Since two years ago, my thoughts have surely if not definitely transformed into this –

1. The day my mom concluded her nearly 9 months of ‘suffering’
2. A day when your friends take extra efforts to show you have been on their minds all this while.
3. A day when I should not only make resolutions or take stock of what I have and what I have done, but actually transform my ideas and thoughts into actions, making them a part of my life, integrated part of me.
4. Be grateful for what I have.
5. To celebrate LIFE?
6. I am worth much more than I actually thought I was – more self-discovery time needed -to discover my yet-to-be discovered talent/potential
7. Better understanding of myself – what I can do, what I should do, how I should do it.

Have I matured? What’s really this hype about maturity? Is there a level for comparison? i.e. A, B, C, D? Reminding me of Kate’s post about Septic tanks and Education – and wondering how she is doing in Berlin right now?

With these thoughts running in my head while I was physically running my ~3km run – to refresh myself and body this morning, I have to get back to my lunchtime and work so that I can go out for a proper celebration with another friend tonight.

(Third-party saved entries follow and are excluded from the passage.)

(* Let $\mathbb{F}_q$ be a finite field with $q$ elements and let $I\subset\mathbb{F}_q[x_1,\ldots,x_n]$ be a zero-dimensional ideal with irredundant primary decomposition $I=I_1\cap\cdots\cap I_t$. For $i=1,\ldots,t$ let $J_i=I_1\cap\cdots\cap I_{i-1}\cap I_{i+1}\cap\cdots\cap I_t$. Let $\Psi_I:\mathbb{F}_q[\mathbf{x}]/I\to\mathbb{F}_q[\mathbf{x}]/I$ be the $\mathbb{F}_q$-linear map $\Psi_I(\bar f)=\bar f^{\,q}-\bar f$. Then there exist $h_1,\ldots,h_t$ with $h_i\in J_i\setminus I_i$ and $\bar h_i^{\,2}=\bar h_i$ for each $i$, such that $\mathrm{Ker}(\Psi_I)$ is a direct product of one-dimensional $\mathbb{F}_q$-algebras $$\mathrm{Ker}(\Psi_I)=\langle\bar h_1\rangle\oplus\cdots\oplus\langle\bar h_t\rangle.$$
   Context: An ideal $I$ is zero-dimensional if $\mathbb{F}_q[\mathbf{x}]/I$ is a finite-dimensional $\mathbb{F}_q$-vector space. $\bar h$ denotes the class of $h$ in $\mathbb{F}_q[\mathbf{x}]/I$; $\langle\bar h_i\rangle$ denotes the one-dimensional $\mathbb{F}_q$-subspace $\mathbb{F}_q\bar h_i$, and the decomposition is an internal direct sum of these subalgebras inside $\mathbb{F}_q[\mathbf{x}]/I$. For $t=1$, $J_1=\mathbb{F}_q[\mathbf{x}]$. *)

From HB Require Import structures.
From mathcomp Require Import all_boot all_algebra all_field.
From mathcomp Require Import mpoly.
Set Implicit Arguments. Unset Strict Implicit. Unset Printing Implicit Defensive.
Import GRing.Theory.
Local Open Scope ring_scope.

Section Ideals.
Variable R : comRingType.

Definition is_ideal (I : R -> Prop) : Prop :=
  [/\ I 0, (forall a b, I a -> I b -> I (a + b)) & (forall r a, I a -> I (r * a))].

Definition radical (I : R -> Prop) : R -> Prop := fun f => exists m : nat, I (f ^+ m).

Definition is_primary (Q : R -> Prop) : Prop :=
  [/\ is_ideal Q, ~ Q 1 &
      forall a b, Q (a * b) -> ~ Q a -> exists m : nat, Q (b ^+ m)].

Definition irredundant_primary_decomposition (t : nat) (I : R -> Prop)
    (Q : 'I_t -> R -> Prop) : Prop :=
  [/\ forall f, I f <-> (forall i, Q i f),
      forall i, is_primary (Q i),
      forall i j, i != j -> exists f, ~ (radical (Q i) f <-> radical (Q j) f)
    & forall i, ~ (forall f, (forall j, j != i -> Q j f) -> Q i f)].

(* intersection of all components except the i-th (whole ring when t = 1) *)
Definition Jcomp (t : nat) (Q : 'I_t -> R -> Prop) (i : 'I_t) : R -> Prop :=
  fun f => forall j, j != i -> Q j f.
End Ideals.

(* I is zero-dimensional: R/I is a finite-dimensional F-vector space, i.e. the
   classes of finitely many elements span R/I over F. *)
Definition zero_dimensional (F : fieldType) (n : nat) (I : {mpoly F[n]} -> Prop) : Prop :=
  exists s : seq {mpoly F[n]}, forall f : {mpoly F[n]},
    exists c : 'I_(size s) -> F, I (f - \sum_(k < size s) c k *: s`_k).

From HB Require Import structures.
From mathcomp Require Import all_boot all_algebra all_field.
From mathcomp Require Import mpoly.
From Stdlib Require Import Classical.
Set Implicit Arguments. Unset Strict Implicit. Unset Printing Implicit Defensive.
Import GRing.Theory.
Local Open Scope ring_scope.

(* Since I is zero-dimensional, the powers of any f collide modulo I, so modulo
   a primary component Q_i every element is a unit or nilpotent. Hence
   components with distinct radicals are comaximal, and the Chinese remainder
   theorem yields h_i = 1 mod Q_i and
   h_i = 0 mod Q_j (j <> i). Modulo Q_i, f^q - f = prod_(a in F_q) (f - a) and
   all but at most one factor are units, so a Frobenius-fixed f is congruent
   to a constant c_i modulo each Q_i, that is f = sum_i c_i h_i modulo I. *)

Section IdealArithmetic.
Variables (R : comNzRingType) (Q : R -> Prop).
Hypothesis idealQ : is_ideal Q.

Lemma ideal0 : Q 0. Proof. by case: idealQ. Qed.

Lemma idealD {a b} : Q a -> Q b -> Q (a + b).
Proof. by case: idealQ => _ + _; apply. Qed.

Lemma idealMl {r a} : Q a -> Q (r * a).
Proof. by case: idealQ => _ _; apply. Qed.

Lemma idealMr {r a} : Q a -> Q (a * r).
Proof. by rewrite mulrC; apply: idealMl. Qed.

Lemma idealN {a} : Q a -> Q (- a).
Proof. by rewrite -mulN1r; apply: idealMl. Qed.

Lemma idealB {a b} : Q a -> Q b -> Q (a - b).
Proof. by move=> Qa /idealN; apply: idealD. Qed.

Lemma idealBC {a b} : Q (a - b) -> Q (b - a).
Proof. by move=> /idealN; rewrite opprB. Qed.

Lemma idealB_trans {a b c} : Q (a - b) -> Q (b - c) -> Q (a - c).
Proof. by move=> Qab /(idealD Qab); rewrite addrA subrK. Qed.

Lemma idealXX {a b} m : Q (a - b) -> Q (a ^+ m - b ^+ m).
Proof. by rewrite subrXX; apply: idealMr. Qed.

Lemma ideal_sum (I : Type) (r : seq I) (P : pred I) (F : I -> R) :
  (forall i, P i -> Q (F i)) -> Q (\sum_(i <- r | P i) F i).
Proof. by move=> QF; apply: big_ind => //; [apply: ideal0 | move=> x y; apply: idealD]. Qed.

Lemma ideal_prodB1 (I : Type) (r : seq I) (P : pred I) (F : I -> R) :
  (forall i, P i -> Q (F i - 1)) -> Q (\prod_(i <- r | P i) F i - 1).
Proof.
move=> QF; apply: (big_ind (fun x => Q (x - 1))) => //; first by rewrite subrr; apply: ideal0.
move=> x y Qx Qy; have := idealD (idealMr (r := y) Qx) Qy.
by rewrite mulrBl mul1r addrA subrK.
Qed.

Definition unit_mod x := exists y, Q (x * y - 1).
Definition nilpotent_mod x := exists m, Q (x ^+ m).
Definition unit_or_nilpotent_mod := forall x, unit_mod x \/ nilpotent_mod x.

Lemma unit_mod1 : unit_mod 1.
Proof. by exists 1; rewrite mulr1 subrr; apply: ideal0. Qed.

Lemma unit_modM x y : unit_mod x -> unit_mod y -> unit_mod (x * y).
Proof.
move=> [u Qu] [v Qv]; exists (u * v).
have := idealD (idealMr (r := y * v) Qu) Qv.
by rewrite mulrBl mul1r addrA subrK mulrACA.
Qed.

Lemma unit_mod_prod (I : Type) (r : seq I) (P : pred I) (F : I -> R) :
  (forall i, P i -> unit_mod (F i)) -> unit_mod (\prod_(i <- r | P i) F i).
Proof. by move=> UF; apply: big_ind => //; [apply: unit_mod1 | apply: unit_modM]. Qed.

Lemma unit_mod_cancel x z : unit_mod x -> Q (x * z) -> Q z.
Proof.
move=> [y Qy] Qxz; have := idealB (idealMr (r := y) Qxz) (idealMr (r := z) Qy).
by rewrite mulrAC mulrBl mul1r opprB addrC subrK.
Qed.

(* (x - u) * sum_(i < m) x^(m-1-i) u^i = x^m - u^m, and u^m is invertible. *)
Lemma unit_mod_nilpotentB (x u v : R) : nilpotent_mod x -> u * v = 1 -> unit_mod (x - u).
Proof.
move=> [m Qxm] uv1; exists ((\sum_(i < m) x ^+ (m.-1 - i) * u ^+ i) * - v ^+ m).
rewrite mulrA -subrXX mulrBl !mulrN -[u ^+ m * _]exprMn uv1 expr1n opprK addrK.
exact/idealN/idealMr.
Qed.

End IdealArithmetic.

Lemma primary_unit_or_nilpotent (R : comNzRingType) (Q : R -> Prop) (f : R) a b :
  is_primary Q -> (a < b)%N -> Q (f ^+ a - f ^+ b) -> unit_mod Q f \/ nilpotent_mod Q f.
Proof.
move=> [idealQ _ primQ] lt_ab.
have [d ->] : exists d, b = (a + d.+1)%N by exists (b - a.+1)%N; rewrite -addSnnS subnKC.
rewrite exprD -{1}(mulr1 (f ^+ a)) -mulrBr mulrC => Qfa.
have [Q1f | notQ1f] := classic (Q (1 - f ^+ d.+1)).
  by left; exists (f ^+ d); rewrite -exprS; apply: idealBC.
by right; have [m Qm] := primQ _ _ Qfa notQ1f; exists (a * m)%N; rewrite exprM.
Qed.

Lemma spanned_powers_collide (F : finFieldType) (R : comAlgType F) (I : R -> Prop)
    (s : seq R) :
  is_ideal I -> (forall f, exists c : 'I_(size s) -> F, I (f - \sum_(k < size s) c k *: s`_k)) ->
  forall f : R, exists a b, (a < b)%N /\ I (f ^+ a - f ^+ b).
Proof.
move=> idealI span f; pose N := #|{ffun 'I_(size s) -> F}|.
have : forall k : 'I_N.+1, exists c : {ffun 'I_(size s) -> F},
    I (f ^+ k - \sum_(j < size s) c j *: s`_j).
  move=> k; have [c Ic] := span (f ^+ k); exists [ffun j => c j].
  by under eq_bigr do rewrite ffunE.
case/fin_all_exists => coord Icoord.
have : ~~ injectiveb coord.
  by apply/negP => /injectiveP/leq_card; rewrite card_ord ltnn.
case/injectivePn => k1 [k2 neq_k Ecoord].
have Ik : I (f ^+ k1 - f ^+ k2).
  by move: (Icoord k2); rewrite -Ecoord => /(idealBC idealI); apply: idealB_trans (Icoord k1).
have [lt_k | lt_k | /val_inj eq_k] := ltngtP k1 k2.
- by exists k1, k2.
- by exists k2, k1; split => //; apply: idealBC.
- by rewrite eq_k eqxx in neq_k.
Qed.

Lemma expr_card_sub_prod (F : finFieldType) (R : comAlgType F) (f : R) :
  f ^+ #|F| - f = \prod_(a : F) (f - a%:A).
Proof.
have := congr1 (fun p => (map_poly (in_alg R) p).[f]) (finField_genPoly F).
rewrite /= rmorphB /= map_polyXn map_polyX !hornerE => ->.
rewrite rmorph_prod horner_prod.
by apply: eq_bigr => a _; rewrite rmorphB /= map_polyX map_polyC !hornerE.
Qed.

Lemma frobenius_fixed_mod_const (F : finFieldType) (R : comAlgType F) (Q : R -> Prop) (f : R) :
  is_ideal Q -> ~ Q 1 -> unit_or_nilpotent_mod Q ->
  Q (f ^+ #|F| - f) -> exists a : F, Q (f - a%:A).
Proof.
move=> idealQ notQ1 localQ; rewrite expr_card_sub_prod => Qprod.
(* A nonunit factor f - a is nilpotent, which makes every other factor
   (f - a) - (b - a) a unit; if all factors are units, then Q 1. *)
have [[a nonunit] | units] := classic (exists a : F, ~ unit_mod Q (f - a%:A)).
  have [// | nil_a] := localQ (f - a%:A).
  exists a; apply: (unit_mod_cancel idealQ (x := \prod_(b | b != a) (f - b%:A))).
    apply: (unit_mod_prod idealQ) => b neq_ba.
    have -> : f - b%:A = (f - a%:A) - (b - a)%:A by rewrite scalerBl opprB addrA subrK.
    apply: (unit_mod_nilpotentB idealQ nil_a (v := (b - a)^-1%:A)).
    by rewrite mulr_algl scalerA mulfV ?subr_eq0 // scale1r.
  by rewrite mulrC; move: Qprod; rewrite (bigD1 a).
have Uprod : unit_mod Q (\prod_(a : F) (f - a%:A)).
  by apply: (unit_mod_prod idealQ) => a _; apply: NNPP => nonunit; apply: units; exists a.
by case: notQ1; apply: (unit_mod_cancel idealQ Uprod (z := 1)); rewrite mulr1.
Qed.

Lemma zero_dimensional_unit_or_nilpotent (F : finFieldType) (R : comAlgType F)
    (I Q : R -> Prop) (s : seq R) :
  is_ideal I -> (forall f, exists c : 'I_(size s) -> F, I (f - \sum_(k < size s) c k *: s`_k)) ->
  is_primary Q -> (forall f, I f -> Q f) -> unit_or_nilpotent_mod Q.
Proof.
move=> idealI span primQ subIQ g.
have [a [b [lt_ab Iab]]] := spanned_powers_collide idealI span g.
exact: primary_unit_or_nilpotent primQ lt_ab (subIQ _ Iab).
Qed.

Section Comaximal.
Variable R : comNzRingType.

Definition comaximal (A B : R -> Prop) := exists a, A a /\ B (1 - a).

Lemma comaximal_sym A B : comaximal A B -> comaximal B A.
Proof. by move=> [a [Aa B1a]]; exists (1 - a); rewrite subKr. Qed.

Lemma comaximal_of_radical (A B : R -> Prop) g :
  is_ideal A -> is_ideal B -> unit_or_nilpotent_mod B ->
  radical A g -> ~ radical B g -> comaximal A B.
Proof.
move=> idealA idealB localB [m Agm] notBg.
have [[y Bgy] | /notBg //] := localB g.
exists ((g * y) ^+ m); split; first by rewrite exprMn; apply: idealMr.
by apply: (idealBC idealB); have := idealXX idealB m Bgy; rewrite expr1n.
Qed.

Lemma comaximal_of_radical_neq (A B : R -> Prop) :
  is_ideal A -> is_ideal B -> unit_or_nilpotent_mod A -> unit_or_nilpotent_mod B ->
  (exists g, ~ (radical A g <-> radical B g)) -> comaximal A B.
Proof.
move=> idealA idealB localA localB [g neq_rad].
have [radA | nradA] := classic (radical A g);
  have [radB | nradB] := classic (radical B g); try by case: neq_rad.
- exact: comaximal_of_radical radA nradB.
- exact/comaximal_sym/(comaximal_of_radical _ _ _ radB nradA).
Qed.

Lemma comaximal_crt_basis t (Q : 'I_t -> R -> Prop) :
  (forall i, is_ideal (Q i)) -> (forall i j, i != j -> comaximal (Q i) (Q j)) ->
  exists h : 'I_t -> R, forall i, Jcomp Q i (h i) /\ Q i (h i - 1).
Proof.
move=> idealQ comaxQ.
suff /fin_all_exists : forall i, exists x, Jcomp Q i x /\ Q i (x - 1) by [].
move=> i; have : forall j, exists b, j != i -> Q j b /\ Q i (1 - b).
  move=> j; have [-> | neq_ji] := eqVneq j i; first by exists 0 => /negP.
  by have [b ?] := comaxQ j i neq_ji; exists b.
case/fin_all_exists => b Hb; exists (\prod_(j | j != i) b j); split.
  by move=> j neq_ji; rewrite (bigD1 j) //=; apply: idealMr; case: (Hb j neq_ji).
by apply: ideal_prodB1 => // j /Hb [_ /(idealBC (idealQ i))].
Qed.

End Comaximal.

Section FrobeniusKernel.
Variables (F : finFieldType) (R : comAlgType F) (t : nat).
Variables (I : R -> Prop) (Q : 'I_t -> R -> Prop) (h : 'I_t -> R).
Hypothesis I_meet : forall f, I f <-> (forall i, Q i f).
Hypothesis idealQ : forall i, is_ideal (Q i).
Hypothesis properQ : forall i, ~ Q i 1.
Hypothesis h_crt : forall i, Jcomp Q i (h i) /\ Q i (h i - 1).
Arguments idealQ : clear implicits.
Arguments properQ : clear implicits.
Arguments h_crt : clear implicits.

Lemma crt_basis_notin i : ~ Q i (h i).
Proof.
move=> Qh; case: (properQ i).
by have := idealB (idealQ i) Qh (h_crt i).2; rewrite opprB addrC subrK.
Qed.

Lemma crt_basis_idempotent i : I (h i ^+ 2 - h i).
Proof.
apply/I_meet => j; rewrite expr2 -{3}(mulr1 (h i)) -mulrBr.
have [-> | neq_ji] := eqVneq j i; first by apply: (idealMl (idealQ i)); case: (h_crt i).
by apply: (idealMr (idealQ j)); apply: (h_crt i).1.
Qed.

Lemma crt_basis_comb_mod (c : 'I_t -> F) j :
  Q j (\sum_(i < t) c i *: h i - (c j)%:A).
Proof.
rewrite (bigD1 j) //= addrAC; apply: (idealD (idealQ j)).
  rewrite -[c j *: h j]mulr_algl -[X in _ - X]mulr1 -mulrBr.
  by apply: (idealMl (idealQ j)); case: (h_crt j).
apply: (ideal_sum (idealQ j)) => i neq_ij; rewrite -mulr_algl.
by apply: (idealMl (idealQ j)); apply: (h_crt i).1; rewrite eq_sym.
Qed.

Lemma crt_basis_free (c : 'I_t -> F) :
  I (\sum_(i < t) c i *: h i) -> forall i, c i = 0.
Proof.
move=> /I_meet Icomb i; apply/eqP/contraT => nz_ci; case: (properQ i).
have Qci : Q i (c i)%:A.
  by have := idealB (idealQ i) (Icomb i) (crt_basis_comb_mod c i); rewrite opprB addrC subrK.
by have := idealMl (idealQ i) (r := (c i)^-1%:A) Qci; rewrite mulr_algl scalerA mulVf // scale1r.
Qed.

Lemma crt_basis_comb_fixed (c : 'I_t -> F) f :
  I (f - \sum_(i < t) c i *: h i) -> I (f ^+ #|F| - f).
Proof.
move=> /I_meet Idiff; apply/I_meet => j.
have Qfc := idealB_trans (idealQ j) (Idiff j) (crt_basis_comb_mod c j).
have := idealXX (idealQ j) #|F| Qfc; rewrite exprZn expr1n expf_card => Qfq.
by have := idealB (idealQ j) Qfq Qfc; rewrite opprB addrA subrK.
Qed.

Hypothesis localQ : forall i, unit_or_nilpotent_mod (Q i).

Lemma fixed_crt_basis_comb f :
  I (f ^+ #|F| - f) -> exists c : 'I_t -> F, I (f - \sum_(i < t) c i *: h i).
Proof.
move=> /I_meet Ifix.
have /fin_all_exists [c Qc] : forall j, exists a : F, Q j (f - a%:A).
  by move=> j; apply: frobenius_fixed_mod_const.
exists c; apply/I_meet => j.
apply: (idealB_trans (idealQ j) (Qc j)); apply: (idealBC (idealQ j)).
exact: crt_basis_comb_mod.
Qed.

End FrobeniusKernel.

Theorem theorem3 (F : finFieldType) (n t : nat)
    (I : {mpoly F[n]} -> Prop) (Q : 'I_t -> {mpoly F[n]} -> Prop) :
  is_ideal I ->
  zero_dimensional I ->
  irredundant_primary_decomposition I Q ->
  exists h : 'I_t -> {mpoly F[n]},
    [/\ forall i, Jcomp Q i (h i) /\ ~ Q i (h i),
        forall i, I ((h i) ^+ 2 - h i),
        forall f : {mpoly F[n]}, I (f ^+ #|F| - f) <->
          exists c : 'I_t -> F, I (f - \sum_(i < t) c i *: h i)
      & forall c : 'I_t -> F, I (\sum_(i < t) c i *: h i) -> forall i, c i = 0].
Proof.
move=> idealI [s span] [I_meet primQ radQ _].
have idealQ i : is_ideal (Q i) by case: (primQ i).
have properQ i : ~ Q i 1 by case: (primQ i).
have localQ i : unit_or_nilpotent_mod (Q i).
  by apply: zero_dimensional_unit_or_nilpotent idealI span (primQ i) _ => f /I_meet.
have [h h_crt] : exists h, forall i, Jcomp Q i (h i) /\ Q i (h i - 1).
  apply: (comaximal_crt_basis idealQ) => i j neq_ij.
  exact: comaximal_of_radical_neq (idealQ i) (idealQ j) (localQ i) (localQ j) (radQ i j neq_ij).
exists h; split.
- by move=> i; split; [case: (h_crt i) | apply: (crt_basis_notin idealQ properQ h_crt)].
- exact: (crt_basis_idempotent I_meet idealQ h_crt).
- move=> f; split; first exact: (fixed_crt_basis_comb I_meet idealQ properQ h_crt localQ).
  by case=> c; apply: (crt_basis_comb_fixed I_meet idealQ h_crt).
- exact: (crt_basis_free I_meet idealQ properQ h_crt).
Qed.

I sincerely give thanks to my family and my friends.
Albeit the cliche line – but I have to write it out –
Without them supporting me, holding me, talking to me, advising me – I wouldnt be what I am today.
I know sometimes the same advice dished out may not have been accepted or agreed by me but still, remember, I do listen and think about them(before not agreeing;P) But it helps in my thinking process and helps me to make a decision or eliminate certain options. In other words, it was useful and valuable!! So do think twice before thinking I am ignoring your advice.

I can assure you, I am not. Remember, the same advice doesnt work for all individuals – there are exceptions.

Each one of us is unique.
And big big thanks to everyone who has made it through(=patient) with me all this time.